For each agent a DQN (Deep Q-Learning) loop is used for training, however, in this case the action performed by one agent has an effect on the action of the other and therefore the two agents are trained in parallel but in isolation which allows them to develop their own policies. However, their individual learning is augmented by exposing their actions indirectly to each other since they both observe a common state space. Even though this diagram presents the training of agent2 and to follow that of agent1, in practice these steps can be performed in parallel. In addition, during this training the two agents may be synchronized by using a common clock that timestamps the events that occur (the observations from the different state spaces) to ensure that the two agents are both observing their environment at the same time.
Steps 1 and 2—Agent1 and Agent 2 initiate the weights of their own DQN with a random distribution of values
Steps 3 and 4-Agent1 and Agent 2 initiate their corresponding buffers which will be used to record tuples of (old state, action, new state, reward) to train their corresponding DQN models.
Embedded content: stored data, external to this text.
Lemma construction_block_flat m i : (block_lo m <= i <= block_hi m)%nat ->
  vertex m i = vertex m (block_lo m).
Proof.
  pose proof (phase_lt m). unfold cycle_len in *. destruct (Nat.lt_ge_cases (phase_of m) n) as [Hr|Hr].
  - destruct (block_raise_top m Hr) as [-> ->]. intros Hi. rewrite !vertex_raise_top by exact Hr.
    rewrite !Rmin_right by (apply Rlt_le, level_lt_target; lia). reflexivity.
  - destruct (block_raise_bottom m Hr) as [-> ->]. intros Hi. rewrite !vertex_raise_bottom by exact Hr.
    rewrite !Rmax_right by (apply target_le; lia). reflexivity.
Qed.

Lemma construction_merge m : (block_lo m < block_hi (S m))%nat ->
  forall i, (block_lo m <= i <= block_hi (S m))%nat -> vertex (S m) i = vertex (S m) (block_lo m).
Proof.
  destruct (phase_succ_cases m) as [[Hr [Hk HS]]|[[Hr [Hk HS]]|[[Hr [Hr' [Hk HS]]]|[Hr [Hk HS]]]]];
    set (k := cycle_of m) in *; set (r := phase_of m) in *.
  - destruct (block_raise_top m) as [-> _]; [lia|]. destruct (block_raise_top (S m)) as [_ ->]; [lia|].
    fold r. intros Hlt i Hi. rewrite !vertex_raise_top by lia. rewrite Hk, HS, level_S.
    rewrite !Rmin_right by (apply target_le; lia). reflexivity.
  - destruct (block_raise_top m) as [-> _]; [lia|]. destruct (block_raise_bottom (S m)) as [_ ->]; [lia|].
    rewrite HS. fold r. lia.
  - destruct (block_raise_bottom m) as [-> _]; [lia|]. destruct (block_raise_bottom (S m)) as [_ ->]; [lia|].
    rewrite HS. fold r. intros Hlt i Hi. rewrite !vertex_raise_bottom by lia. rewrite Hk, HS.
    unfold cycle_len in *. rewrite !Rmax_right by (apply target_le; lia). reflexivity.
  - destruct (block_raise_bottom m) as [-> _]; [unfold cycle_len in *; lia|].
    destruct (block_raise_top (S m)) as [_ ->]; [lia|].
    intros Hlt i Hi. rewrite !vertex_raise_top by lia. rewrite Hk, HS.
    unfold level; simpl Nat.eqb; cbv iota.
    rewrite !Rmin_right by (apply Rlt_le, scale_lt_target; lia). reflexivity.
Qed.
(* For every integer $n\ge 4$, $$\mathrm{wdim}_k(K_n\times K_n)=\begin{cases} n^2, & k\in\{2n+1,2n+2\};\\ n^2-1, & k=2n;\\ n^2-n, & k=2n-1 \text{ and } n\ge 5;\\ 13, & (n,k)=(4,7).\end{cases}$$
   Context: $K_n\times K_n$ is the direct product of two complete graphs on $n$ vertices: vertex set $[n]\times[n]$ with $[n]=\{1,\dots,n\}$, and $(i,j)$ adjacent to $(i',j')$ iff $i\ne i'$ and $j\ne j'$. For a connected graph $G$ with distance $d_G$, vertices $x,y,z$ and $S\subseteq V(G)$, let $\Delta_z(x,y)=|d_G(x,z)-d_G(y,z)|$ and $\Delta_S(x,y)=\sum_{z\in S}\Delta_z(x,y)$. A set $S$ is a weak $k$-resolving set if $\Delta_S(x,y)\ge k$ for all distinct $x,y\in V(G)$, and $\mathrm{wdim}_k(G)$ is the minimum cardinality of a weak $k$-resolving set of $G$. *)

From mathcomp Require Import all_boot.
Set Implicit Arguments. Unset Strict Implicit. Unset Printing Implicit Defensive.

Section Graphs.
Variable T : finType.
Variable e : rel T.

Definition walk_len (x y : T) (m : nat) : bool :=
  [exists p : m.-tuple T, path e x p && (last x p == y)].

(* shortest-path distance: least length of a walk from x to y.
   Every shortest walk is a path, hence has length < #|T|; so in a connected
   graph this is the usual graph distance d_G(x,y). *)
Definition gdist (x y : T) : nat :=
  \big[minn/#|T|]_(m < #|T| | walk_len x y m) m.

Definition gconnected : Prop := forall x y : T, exists m, walk_len x y m.

Definition delta_z (z x y : T) : nat :=
  (gdist x z - gdist y z) + (gdist y z - gdist x z).

Definition delta_S (S : {set T}) (x y : T) : nat :=
  \sum_(z in S) delta_z z x y.

Definition weak_k_resolving (k : nat) (S : {set T}) : bool :=
  [forall x, forall y, (x != y) ==> (k <= delta_S S x y)].

(* minimum cardinality of a weak k-resolving set
   (default #|T|.+1 if none exists) *)
Definition wdim (k : nat) : nat :=
  \big[minn/#|T|.+1]_(S : {set T} | weak_k_resolving k S) #|S|.
End Graphs.

(* direct product K_n x K_n on [n] x [n] (vertices indexed from 0) *)
Definition KnKn (n : nat) : rel ('I_n * 'I_n) :=
  fun u v => (u.1 != v.1) && (u.2 != v.2).
Arguments KnKn n : clear implicits.

From mathcomp Require Import all_boot zify.
Set Implicit Arguments. Unset Strict Implicit. Unset Printing Implicit Defensive.

(* In K_n x K_n (n >= 3) two distinct vertices are at distance 1 when they
   differ in both coordinates and at distance 2 when they share a line (a row
   or a column), so every Delta_z(x,y) is at most 2 and Delta_V(x,y) can be
   counted exactly: 2n+2 for a pair on a line, 4n-6 for an adjacent pair.
   As Delta_S = Delta_V - Delta_(V\S), a set is weak k-resolving iff the
   vertices it omits cost no pair more than Delta_V(x,y) - k.  Omitting z
   costs the pair (z, y), y on a line with z, exactly 2; two omitted vertices
   cost some pair 3, or 4 if they share a line; more than n omitted vertices
   contain two on a row.  Conversely, omitting the diagonal costs a pair on a
   line at most 3 and an adjacent pair at most n.  For n = 4, k = 7, four
   omitted vertices must be pairwise adjacent, and then x = (z1.1, z3.2),
   y = (z2.1, z4.2) lose 1 at each of them, leaving 10 - 4 < 7. *)

Lemma bigmin_nat_eq (I : finType) (P : pred I) (F : I -> nat) N i0 :
  P i0 -> F i0 <= N -> (forall i, P i -> F i0 <= F i) ->
  \big[minn/N]_(i | P i) F i = F i0.
Proof.
move=> Pi0 le_N min_i0; apply/eqP; rewrite eqn_leq; apply/andP; split.
  elim: (index_enum I) (mem_index_enum i0) => [//|j r IH].
  rewrite big_cons inE => /predU1P[<-|/IH le_r]; first by rewrite Pi0 geq_minl.
  by case: (P j) => //; rewrite geq_min le_r orbT.
by apply: (big_ind (leq (F i0))) => // u v le_u le_v; rewrite leq_min le_u.
Qed.

Lemma exists_collision (T T' : finType) (f : T -> T') (A : {set T}) :
  #|T'| < #|A| -> exists u v, [/\ u \in A, v \in A, u != v & f u = f v].
Proof.
move=> lt_A; have /dinjectivePn[u uA [v /andP[neq_vu vA] eq_f]] : ~~ dinjectiveb f A.
  by apply: contraTN lt_A => /dinjectiveP/leq_card_in; rewrite -leqNgt.
by exists u, v; rewrite eq_sym.
Qed.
Steps 5 to 12-Agent1 and Agent2 collect information about the state of the cold_water_source and the state of the hot_water_source. In addition, information about the state associated with Agent1 is included, for example in this case RRU or IoT radio utilization or CPU/GPU utilization, and so on as previously described.
Similarly information associated with Agent2 is included such as the battery temperature and operational mode.
Steps 13 to 28-Agent1 and Agent2 perform random actions (greedy policy suggests to take a random action with probability ε (in the unit interval [0, 1]) and the action that yields the highest reward max (Q(a)) with probability 1-ε). Once each action is performed by each agent then the agents observe again the state space, calculate their corresponding rewards, and record this experience as a tuple in the experience buffer which has been initialized in Steps 3 and 4.
Steps 29-32-In these steps a set of two different samples is extracted from each experience buffer (for the same timeframe) to train the two agents
Steps 33-44—These steps are similar to the training phase described previously, but now the DQNs are no longer trained but instead rely on their predictions to perform an action as opposed to choosing based on the ε-greedy policy described previously.
Embodiments may provide a number of advantages. For example, heat generated by an electronic device is reused to manage the heat associated with a battery that may be electrically connected to the electronic device. This reduces the amount of energy wasted from the electronic device whilst also reducing the energy required to maintain the battery at a prescribed temperature. Improved temperature control of the battery improves battery life and performance. Similarly reducing overheating of the electronic device improves device life, operation and utilization. The temperature management may also be dynamic and linked to the operation of the battery, for example charging or discharging, idle or under heavy load.
Whilst the embodiments have described with respect to particular electronic devices such as RRU and edge servers, other electronic devices may also benefit from some embodiments, especially where these are remotely located.
Some or all of the described apparatus or controller functionality may be instantiated in cloud environments such as Docker, Kubernetes or Spark. This cloud functionality may be instantiated in the network edge, apparatus edge, in the factory premises or on a remote server coupled via a network such as 4G or 5G. Alternatively, this functionality may be implemented in dedicated hardware.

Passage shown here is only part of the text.